### The input ###
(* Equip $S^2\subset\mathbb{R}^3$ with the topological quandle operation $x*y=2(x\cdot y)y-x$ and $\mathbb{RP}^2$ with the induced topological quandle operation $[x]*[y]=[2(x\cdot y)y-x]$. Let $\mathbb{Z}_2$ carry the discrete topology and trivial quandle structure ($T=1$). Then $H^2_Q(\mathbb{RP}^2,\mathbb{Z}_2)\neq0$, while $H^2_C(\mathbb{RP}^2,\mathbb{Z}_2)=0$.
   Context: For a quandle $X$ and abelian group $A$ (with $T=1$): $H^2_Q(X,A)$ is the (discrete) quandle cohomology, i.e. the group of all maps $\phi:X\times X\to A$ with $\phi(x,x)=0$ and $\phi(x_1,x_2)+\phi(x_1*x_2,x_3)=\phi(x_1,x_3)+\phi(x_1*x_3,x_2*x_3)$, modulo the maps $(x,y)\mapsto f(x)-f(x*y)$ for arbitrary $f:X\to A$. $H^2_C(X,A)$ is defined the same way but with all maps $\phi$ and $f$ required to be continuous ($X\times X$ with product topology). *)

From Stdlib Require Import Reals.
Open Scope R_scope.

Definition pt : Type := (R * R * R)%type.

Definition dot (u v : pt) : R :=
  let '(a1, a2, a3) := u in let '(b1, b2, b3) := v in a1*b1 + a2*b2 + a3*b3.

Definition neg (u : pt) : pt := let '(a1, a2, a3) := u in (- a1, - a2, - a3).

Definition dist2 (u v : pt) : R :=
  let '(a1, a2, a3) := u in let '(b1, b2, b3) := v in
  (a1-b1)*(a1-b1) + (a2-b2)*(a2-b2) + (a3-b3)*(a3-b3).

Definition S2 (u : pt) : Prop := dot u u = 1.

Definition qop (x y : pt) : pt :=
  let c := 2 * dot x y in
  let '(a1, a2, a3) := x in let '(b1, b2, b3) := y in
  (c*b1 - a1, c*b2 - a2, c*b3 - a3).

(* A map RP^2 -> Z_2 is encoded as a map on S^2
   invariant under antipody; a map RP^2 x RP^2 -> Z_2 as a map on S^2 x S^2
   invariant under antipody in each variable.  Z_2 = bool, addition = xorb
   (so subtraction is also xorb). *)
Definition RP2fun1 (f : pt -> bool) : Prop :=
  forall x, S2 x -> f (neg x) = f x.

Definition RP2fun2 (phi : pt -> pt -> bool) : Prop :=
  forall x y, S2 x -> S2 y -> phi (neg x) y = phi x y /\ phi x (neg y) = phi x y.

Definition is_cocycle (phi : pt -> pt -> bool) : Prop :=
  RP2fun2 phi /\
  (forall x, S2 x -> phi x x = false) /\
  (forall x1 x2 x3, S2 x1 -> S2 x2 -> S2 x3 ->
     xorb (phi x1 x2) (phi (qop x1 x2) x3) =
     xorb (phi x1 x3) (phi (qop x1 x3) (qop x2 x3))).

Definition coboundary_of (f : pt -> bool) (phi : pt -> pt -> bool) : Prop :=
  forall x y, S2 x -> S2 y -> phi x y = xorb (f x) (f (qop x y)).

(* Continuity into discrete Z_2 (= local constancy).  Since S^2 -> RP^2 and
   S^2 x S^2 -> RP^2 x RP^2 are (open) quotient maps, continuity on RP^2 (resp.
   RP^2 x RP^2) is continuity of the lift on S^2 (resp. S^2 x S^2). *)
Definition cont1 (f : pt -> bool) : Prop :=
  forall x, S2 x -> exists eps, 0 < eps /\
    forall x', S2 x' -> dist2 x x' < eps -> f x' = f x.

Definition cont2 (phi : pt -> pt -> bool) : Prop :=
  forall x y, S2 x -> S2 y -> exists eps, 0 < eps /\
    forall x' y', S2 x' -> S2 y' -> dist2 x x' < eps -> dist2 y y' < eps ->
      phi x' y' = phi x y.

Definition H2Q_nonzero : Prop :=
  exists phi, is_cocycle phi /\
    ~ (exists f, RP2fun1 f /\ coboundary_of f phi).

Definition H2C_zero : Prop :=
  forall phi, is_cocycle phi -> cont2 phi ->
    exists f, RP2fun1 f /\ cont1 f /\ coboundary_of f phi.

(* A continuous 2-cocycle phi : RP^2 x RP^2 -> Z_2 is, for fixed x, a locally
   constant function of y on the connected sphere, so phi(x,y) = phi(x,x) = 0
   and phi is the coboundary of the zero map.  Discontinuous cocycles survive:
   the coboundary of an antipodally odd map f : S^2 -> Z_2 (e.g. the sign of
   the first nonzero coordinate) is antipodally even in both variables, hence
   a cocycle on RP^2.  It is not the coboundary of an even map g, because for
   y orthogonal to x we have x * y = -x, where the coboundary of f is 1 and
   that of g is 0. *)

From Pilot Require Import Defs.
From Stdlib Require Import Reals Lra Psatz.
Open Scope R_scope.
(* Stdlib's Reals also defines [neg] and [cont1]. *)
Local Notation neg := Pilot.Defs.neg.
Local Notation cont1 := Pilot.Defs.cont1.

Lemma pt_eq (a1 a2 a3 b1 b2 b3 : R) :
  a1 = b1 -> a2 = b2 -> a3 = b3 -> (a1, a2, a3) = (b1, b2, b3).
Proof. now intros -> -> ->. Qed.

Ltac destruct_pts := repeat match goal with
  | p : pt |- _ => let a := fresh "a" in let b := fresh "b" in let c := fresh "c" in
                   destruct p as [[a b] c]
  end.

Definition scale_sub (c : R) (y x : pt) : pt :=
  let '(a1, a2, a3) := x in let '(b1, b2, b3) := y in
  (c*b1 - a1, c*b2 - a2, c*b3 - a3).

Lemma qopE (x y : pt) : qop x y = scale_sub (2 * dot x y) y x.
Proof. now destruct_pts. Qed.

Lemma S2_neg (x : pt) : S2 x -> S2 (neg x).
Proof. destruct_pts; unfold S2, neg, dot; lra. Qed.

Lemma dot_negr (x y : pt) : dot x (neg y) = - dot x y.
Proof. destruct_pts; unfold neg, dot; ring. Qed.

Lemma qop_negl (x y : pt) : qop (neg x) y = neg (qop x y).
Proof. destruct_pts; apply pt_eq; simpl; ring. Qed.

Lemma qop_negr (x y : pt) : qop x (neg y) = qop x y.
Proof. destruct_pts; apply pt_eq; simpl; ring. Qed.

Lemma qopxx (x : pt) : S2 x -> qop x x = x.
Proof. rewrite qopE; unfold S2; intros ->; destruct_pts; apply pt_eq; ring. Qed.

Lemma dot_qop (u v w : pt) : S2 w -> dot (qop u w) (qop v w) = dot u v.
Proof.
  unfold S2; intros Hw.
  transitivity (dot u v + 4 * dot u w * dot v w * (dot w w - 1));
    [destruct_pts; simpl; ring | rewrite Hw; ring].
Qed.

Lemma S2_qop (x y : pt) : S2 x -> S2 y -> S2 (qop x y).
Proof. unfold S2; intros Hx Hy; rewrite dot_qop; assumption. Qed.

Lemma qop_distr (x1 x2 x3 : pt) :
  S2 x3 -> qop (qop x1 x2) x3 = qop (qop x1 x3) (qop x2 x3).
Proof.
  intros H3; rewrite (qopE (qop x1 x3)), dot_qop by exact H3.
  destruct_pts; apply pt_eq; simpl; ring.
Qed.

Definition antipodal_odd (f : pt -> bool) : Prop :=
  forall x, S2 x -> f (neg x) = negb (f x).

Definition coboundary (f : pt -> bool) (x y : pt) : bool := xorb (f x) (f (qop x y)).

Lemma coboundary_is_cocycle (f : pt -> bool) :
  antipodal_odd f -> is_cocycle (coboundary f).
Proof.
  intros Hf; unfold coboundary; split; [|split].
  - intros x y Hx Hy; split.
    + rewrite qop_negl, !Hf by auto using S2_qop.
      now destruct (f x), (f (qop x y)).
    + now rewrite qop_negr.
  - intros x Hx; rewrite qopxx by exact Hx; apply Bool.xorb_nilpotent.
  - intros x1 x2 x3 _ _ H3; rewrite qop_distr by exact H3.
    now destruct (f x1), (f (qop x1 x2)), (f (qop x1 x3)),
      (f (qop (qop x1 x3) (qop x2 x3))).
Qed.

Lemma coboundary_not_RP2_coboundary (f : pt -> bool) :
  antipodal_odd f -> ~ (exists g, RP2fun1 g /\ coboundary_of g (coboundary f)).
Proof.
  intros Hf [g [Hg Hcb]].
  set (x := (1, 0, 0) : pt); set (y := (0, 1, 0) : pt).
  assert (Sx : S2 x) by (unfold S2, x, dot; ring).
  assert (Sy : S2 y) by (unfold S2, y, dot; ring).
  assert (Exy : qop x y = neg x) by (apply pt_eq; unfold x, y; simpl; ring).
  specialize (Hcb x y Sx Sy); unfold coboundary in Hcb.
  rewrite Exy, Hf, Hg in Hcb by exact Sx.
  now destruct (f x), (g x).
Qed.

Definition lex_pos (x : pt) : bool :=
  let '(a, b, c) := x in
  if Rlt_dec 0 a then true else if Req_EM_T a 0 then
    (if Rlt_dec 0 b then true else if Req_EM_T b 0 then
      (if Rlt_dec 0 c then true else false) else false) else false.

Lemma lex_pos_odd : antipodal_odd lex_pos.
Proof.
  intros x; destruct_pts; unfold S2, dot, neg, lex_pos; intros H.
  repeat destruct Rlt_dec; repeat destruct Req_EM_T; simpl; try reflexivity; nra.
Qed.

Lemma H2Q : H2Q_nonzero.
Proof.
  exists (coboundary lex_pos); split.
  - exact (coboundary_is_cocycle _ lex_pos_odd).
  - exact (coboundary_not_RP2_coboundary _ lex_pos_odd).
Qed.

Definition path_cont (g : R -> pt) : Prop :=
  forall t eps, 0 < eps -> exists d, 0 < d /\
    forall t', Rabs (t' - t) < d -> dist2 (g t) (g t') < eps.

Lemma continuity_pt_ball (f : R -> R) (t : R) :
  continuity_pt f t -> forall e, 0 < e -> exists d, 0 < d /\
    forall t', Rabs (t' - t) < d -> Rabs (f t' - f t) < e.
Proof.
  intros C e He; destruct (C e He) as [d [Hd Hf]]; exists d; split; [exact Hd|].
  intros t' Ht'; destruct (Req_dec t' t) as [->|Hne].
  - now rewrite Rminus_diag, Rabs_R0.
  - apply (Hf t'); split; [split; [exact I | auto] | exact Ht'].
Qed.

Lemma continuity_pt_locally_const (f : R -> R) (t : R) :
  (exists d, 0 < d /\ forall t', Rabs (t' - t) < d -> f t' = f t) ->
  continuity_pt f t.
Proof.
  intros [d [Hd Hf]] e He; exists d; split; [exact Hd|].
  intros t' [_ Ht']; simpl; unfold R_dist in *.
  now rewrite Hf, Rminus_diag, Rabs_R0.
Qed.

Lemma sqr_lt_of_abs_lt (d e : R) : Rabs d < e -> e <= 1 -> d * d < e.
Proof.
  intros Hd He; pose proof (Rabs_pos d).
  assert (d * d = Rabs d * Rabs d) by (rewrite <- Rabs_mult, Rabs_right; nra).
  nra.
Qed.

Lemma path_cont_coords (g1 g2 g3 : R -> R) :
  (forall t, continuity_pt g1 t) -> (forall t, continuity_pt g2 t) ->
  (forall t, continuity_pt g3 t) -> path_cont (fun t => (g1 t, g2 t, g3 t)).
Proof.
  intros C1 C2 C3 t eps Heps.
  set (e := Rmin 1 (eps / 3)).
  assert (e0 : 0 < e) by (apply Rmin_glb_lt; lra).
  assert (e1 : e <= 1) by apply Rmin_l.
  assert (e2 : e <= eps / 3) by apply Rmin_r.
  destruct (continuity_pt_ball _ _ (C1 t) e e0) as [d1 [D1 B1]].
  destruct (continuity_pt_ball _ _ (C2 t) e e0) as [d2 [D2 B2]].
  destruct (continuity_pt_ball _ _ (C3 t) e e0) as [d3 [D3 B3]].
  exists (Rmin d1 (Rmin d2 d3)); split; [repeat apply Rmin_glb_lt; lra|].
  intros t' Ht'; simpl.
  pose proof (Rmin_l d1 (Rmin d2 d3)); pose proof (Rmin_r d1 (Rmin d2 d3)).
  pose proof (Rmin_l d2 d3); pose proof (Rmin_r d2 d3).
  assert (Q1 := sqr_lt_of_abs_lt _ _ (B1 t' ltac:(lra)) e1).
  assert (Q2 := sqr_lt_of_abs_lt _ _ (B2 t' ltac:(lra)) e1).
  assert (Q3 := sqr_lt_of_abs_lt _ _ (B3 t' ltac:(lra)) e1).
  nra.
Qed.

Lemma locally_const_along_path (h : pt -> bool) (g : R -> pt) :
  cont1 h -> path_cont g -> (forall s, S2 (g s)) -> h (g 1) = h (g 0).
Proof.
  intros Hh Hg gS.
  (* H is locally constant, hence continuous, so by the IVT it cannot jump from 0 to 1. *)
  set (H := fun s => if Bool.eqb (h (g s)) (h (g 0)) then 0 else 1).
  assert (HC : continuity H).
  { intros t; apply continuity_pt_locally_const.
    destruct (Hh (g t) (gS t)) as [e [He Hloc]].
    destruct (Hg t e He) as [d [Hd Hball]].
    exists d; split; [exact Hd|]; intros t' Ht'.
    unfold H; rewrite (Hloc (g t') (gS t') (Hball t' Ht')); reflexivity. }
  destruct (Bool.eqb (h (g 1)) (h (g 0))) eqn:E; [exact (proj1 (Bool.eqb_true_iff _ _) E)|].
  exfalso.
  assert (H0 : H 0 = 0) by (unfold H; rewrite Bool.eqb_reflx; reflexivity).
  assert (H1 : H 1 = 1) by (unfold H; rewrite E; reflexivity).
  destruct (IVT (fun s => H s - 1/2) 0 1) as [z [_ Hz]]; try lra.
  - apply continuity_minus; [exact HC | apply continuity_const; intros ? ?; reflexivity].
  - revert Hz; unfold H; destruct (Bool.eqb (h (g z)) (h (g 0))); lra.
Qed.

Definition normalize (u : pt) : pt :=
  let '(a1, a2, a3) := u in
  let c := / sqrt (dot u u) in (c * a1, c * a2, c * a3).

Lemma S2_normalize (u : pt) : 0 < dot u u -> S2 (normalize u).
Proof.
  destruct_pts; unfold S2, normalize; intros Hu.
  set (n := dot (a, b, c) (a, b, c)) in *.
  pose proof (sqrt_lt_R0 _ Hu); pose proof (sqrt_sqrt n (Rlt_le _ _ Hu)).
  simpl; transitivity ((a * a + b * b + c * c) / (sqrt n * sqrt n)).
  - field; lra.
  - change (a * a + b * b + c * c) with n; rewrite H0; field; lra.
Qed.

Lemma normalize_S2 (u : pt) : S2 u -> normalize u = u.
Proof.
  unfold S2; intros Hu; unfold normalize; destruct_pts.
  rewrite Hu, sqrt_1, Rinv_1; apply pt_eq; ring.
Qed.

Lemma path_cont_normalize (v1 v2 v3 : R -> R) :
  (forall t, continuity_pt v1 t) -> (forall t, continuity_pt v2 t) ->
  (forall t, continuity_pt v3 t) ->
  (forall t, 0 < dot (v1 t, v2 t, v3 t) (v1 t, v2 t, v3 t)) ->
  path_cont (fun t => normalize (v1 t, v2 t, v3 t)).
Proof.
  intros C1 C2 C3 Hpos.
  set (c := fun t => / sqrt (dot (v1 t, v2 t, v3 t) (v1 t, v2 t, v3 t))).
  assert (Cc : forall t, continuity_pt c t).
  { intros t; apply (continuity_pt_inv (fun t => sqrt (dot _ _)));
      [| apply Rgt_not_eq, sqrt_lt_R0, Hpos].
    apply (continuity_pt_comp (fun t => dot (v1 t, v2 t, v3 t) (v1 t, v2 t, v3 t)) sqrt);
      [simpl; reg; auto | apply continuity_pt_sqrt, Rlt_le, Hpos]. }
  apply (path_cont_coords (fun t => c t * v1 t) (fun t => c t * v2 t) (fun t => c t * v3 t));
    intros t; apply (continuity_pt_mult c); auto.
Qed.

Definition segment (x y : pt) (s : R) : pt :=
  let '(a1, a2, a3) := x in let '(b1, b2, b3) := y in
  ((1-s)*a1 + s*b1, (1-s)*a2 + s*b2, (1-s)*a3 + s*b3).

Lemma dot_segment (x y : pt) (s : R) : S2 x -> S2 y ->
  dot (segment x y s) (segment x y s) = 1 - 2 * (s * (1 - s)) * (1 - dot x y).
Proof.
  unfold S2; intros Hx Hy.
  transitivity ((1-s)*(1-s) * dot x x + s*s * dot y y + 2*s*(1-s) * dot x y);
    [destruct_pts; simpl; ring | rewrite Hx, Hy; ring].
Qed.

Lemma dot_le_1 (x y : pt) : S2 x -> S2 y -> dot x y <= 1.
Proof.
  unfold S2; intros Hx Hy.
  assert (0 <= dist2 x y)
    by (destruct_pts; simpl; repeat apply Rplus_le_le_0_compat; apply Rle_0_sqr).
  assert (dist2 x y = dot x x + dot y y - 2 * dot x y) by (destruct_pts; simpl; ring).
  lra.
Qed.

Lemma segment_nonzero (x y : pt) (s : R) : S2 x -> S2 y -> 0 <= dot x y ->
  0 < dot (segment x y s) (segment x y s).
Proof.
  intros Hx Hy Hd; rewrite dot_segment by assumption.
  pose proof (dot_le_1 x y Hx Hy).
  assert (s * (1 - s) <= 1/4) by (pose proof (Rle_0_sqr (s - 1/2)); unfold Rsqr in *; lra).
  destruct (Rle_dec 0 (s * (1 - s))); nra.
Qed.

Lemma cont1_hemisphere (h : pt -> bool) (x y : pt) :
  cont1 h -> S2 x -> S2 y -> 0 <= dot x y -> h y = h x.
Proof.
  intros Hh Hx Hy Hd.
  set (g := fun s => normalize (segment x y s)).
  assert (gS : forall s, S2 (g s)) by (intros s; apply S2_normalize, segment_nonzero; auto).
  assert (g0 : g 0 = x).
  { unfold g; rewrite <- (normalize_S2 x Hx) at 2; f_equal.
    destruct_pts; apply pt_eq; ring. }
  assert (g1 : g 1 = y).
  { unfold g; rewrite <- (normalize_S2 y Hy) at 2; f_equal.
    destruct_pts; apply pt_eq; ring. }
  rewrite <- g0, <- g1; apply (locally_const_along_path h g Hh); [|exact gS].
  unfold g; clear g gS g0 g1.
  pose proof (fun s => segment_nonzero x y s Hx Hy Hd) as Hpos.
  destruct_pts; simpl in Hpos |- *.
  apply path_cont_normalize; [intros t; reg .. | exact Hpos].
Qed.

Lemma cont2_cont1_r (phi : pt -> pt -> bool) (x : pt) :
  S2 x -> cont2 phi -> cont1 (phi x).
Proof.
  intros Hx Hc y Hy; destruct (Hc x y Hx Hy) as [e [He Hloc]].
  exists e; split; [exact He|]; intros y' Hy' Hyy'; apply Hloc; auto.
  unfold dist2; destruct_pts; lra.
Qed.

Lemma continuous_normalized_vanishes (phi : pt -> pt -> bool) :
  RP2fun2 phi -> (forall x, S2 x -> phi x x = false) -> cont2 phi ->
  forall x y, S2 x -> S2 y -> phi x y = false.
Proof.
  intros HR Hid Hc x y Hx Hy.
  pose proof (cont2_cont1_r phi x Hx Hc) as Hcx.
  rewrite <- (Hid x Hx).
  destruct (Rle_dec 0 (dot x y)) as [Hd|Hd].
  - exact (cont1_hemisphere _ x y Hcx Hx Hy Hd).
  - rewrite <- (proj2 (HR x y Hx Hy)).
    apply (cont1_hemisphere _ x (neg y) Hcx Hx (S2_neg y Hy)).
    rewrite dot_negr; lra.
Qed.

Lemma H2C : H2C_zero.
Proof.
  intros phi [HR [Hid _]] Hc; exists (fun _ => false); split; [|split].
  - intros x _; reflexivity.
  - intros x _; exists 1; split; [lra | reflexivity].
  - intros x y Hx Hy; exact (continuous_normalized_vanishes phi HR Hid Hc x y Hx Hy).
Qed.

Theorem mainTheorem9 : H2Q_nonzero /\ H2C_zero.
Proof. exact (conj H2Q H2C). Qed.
###
Provide only the number of lines above that contain the word "even".

=== Result of this task ===
2